Conclusions

This chapter focuses on the design of presence in merging realities as approached in the social and design sciences. Presence is a fuzzy concept. Many methodologies implicitly include or exclude presence as value for design.

Current presence research focuses on creating the sense of presence in being-there, but it most often does not address larger issues of societal impact of presence design. In our day-to-day lives in social networks and pervasive ubiquitous technologies upon which fundamental processes of life depend in network societies, on- and offline realities merge. The being-here and the being-there are one in human experience.
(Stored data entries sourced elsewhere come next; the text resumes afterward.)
Lemma card4_S10_shaped A : torsion_free G -> #|` A| = 4%N ->
  #|` [fset p.1^-1 * p.2 | p in offdiag A]| = 10%N -> inv_shaped A \/ prod_shaped A.
Proof.
move=> tf cardA cardS.
have [[a b] [[c d] [abA cdA neq_abcd e]]] : exists p q,
    [/\ p \in offdiag A, q \in offdiag A, p != q & p.1^-1 * p.2 = q.1^-1 * q.2].
  by apply: imfset_collision; rewrite cardS card_offdiag cardA.
move: abA cdA; rewrite !inE /= => /andP[/andP[aA bA] ab] /andP[/andP[cA dA] cd].
rewrite /= in e; rewrite xpair_eqE in neq_abcd.
have ac : a != c.
  by apply: contraNneq neq_abcd => ac; move: e; rewrite -ac => /gmulI ->; rewrite !eqxx.
have bd : b != d.
  apply: contraNneq neq_abcd => bd; move: e; rewrite -bd => /gmulIg/(congr1 (@ginv G)).
  by rewrite !ginvK => ->; rewrite !eqxx.
case: (eqVneq a d) => [ad | ad]; case: (eqVneq b c) => [bc | bc].
- exfalso; apply: (tf (a^-1 * b) 2) => //; first by apply/eqP; rewrite gmulV_eq1 eq_sym.
  by rewrite /= gmulg1 {2}e -bc ad -gmulA gmulKVg gmulV.
- left; apply: (@inv_shaped_intro A a b c) => //; first by rewrite /= !inE negb_or ab ac bc.
  by rewrite e ad ginvM ginvK.
- left; apply: (@inv_shaped_intro A b a d) => //.
    by rewrite /= !inE negb_or eq_sym ab bd ad.
  by rewrite ginvM ginvK e bc.
- right; exists c, (c^-1 * a), (c^-1 * d).
  have xyE : (c^-1 * a) * (c^-1 * d) = c^-1 * b by rewrite -e -gmulA gmulKVg.
  have -> : A = [fset c; a; d; b].
    apply: fset4_eq_card; rewrite //= !inE !negb_or.
    by rewrite eq_sym ac cd eq_sym bc ad ab eq_sym bd.
  rewrite xyE eq_gmul2l !gmulV_eq1; split; first by split; rewrite // eq_sym.
  by apply/fsetP => z; rewrite mem_lshift !inE !eq_gmulV gmulV.
Qed.

End Shapes.

Lemma F2_pchar2 (F : fieldType) : (forall c : F, c = 0 \/ c = 1) -> 2 \in [pchar F].
Proof.
move=> F2; apply/andP; split => //; case: (F2 2%:R) => [-> // | two_eq1].
have : (1 + 1 = 1 + 0 :> F)%R by rewrite addr0 -mulr2n.
by move/addrI/eqP; rewrite oner_eq0.
Qed.

Section CharTwo.
Local Open Scope ring_scope.
Variables (G : grp) (F : fieldType).
Local Notation "x * y" := (@gmul G x y).
Local Notation "x ^-1" := (@ginv G x).
Local Notation "1" := (@gone G).
Variables (a b : galg G F) (x y : G).
Hypotheses (x1 : x != 1) (y1 : y != 1) (xy : x != y) (xy1 : x * y != 1).
Hypothesis supp_a : supp a = [fset 1; x; y; x * y].
Hypothesis a_unit : {in supp a, forall h, a h = 1%R}.

Lemma prod_shaped_mul_coef z : galg_mul_coef a b z =
  b z + b (x^-1 * z) + b (y^-1 * z) + b (y^-1 * (x^-1 * z)).
Proof.
have uniq_supp : uniq [:: 1; x; y; x * y].
  rewrite /= !inE !negb_or !(eq_sym 1) x1 y1 xy1 xy /=.
  rewrite -{1}[x]gmulg1 eq_gmul2l eq_sym y1 -{1}[y]gmul1 eq_gmul2r.
  by rewrite eq_sym x1.
rewrite /galg_mul_coef (big_fset_uniq _ uniq_supp); last first.
  by move=> h; rewrite supp_a !inE !orbA.
rewrite !big_cons big_nil addr0 !a_unit ?supp_a ?inE ?eqxx ?orbT //.
by rewrite !mul1r ginv1 gmul1 ginvM -gmulA !addrA.
Qed.

Hypotheses (tf : torsion_free G) (char2 : 2 \in [pchar F]).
Presence design is not design for specific behaviour for presence; it is meta-design; it is designing for choice and trade-offs between choices. It is design for experience in which current and historical contexts are taken into account together with actual perceptions and understanding. Both scientific, design and artistic research contribute to presence design.
Despite all of the current models of thinking, the current speed and scale of technological innovation is changing our lives profoundly. It is as if we are part of a global experiment in which dynamics of information, communication and transaction, all fundamental to society, are changing. Dynamics that have existed for over a thousand of years of building up experience and social structures, markets and structures of governance to be able to live together. Today systems of law and systems of value exchange are all under pressure. We, as human beings, are changing as result of the global network society.
The strive for well-being and survival is deep in our DNA and will keep on defining what will happen next. By incorporating presence as a value for design, and configuring design processes accordingly, ‘old’ human experience will have a chance to resonate and inform future generations to come for designing and creating a social, technological and ecological environment worth living in.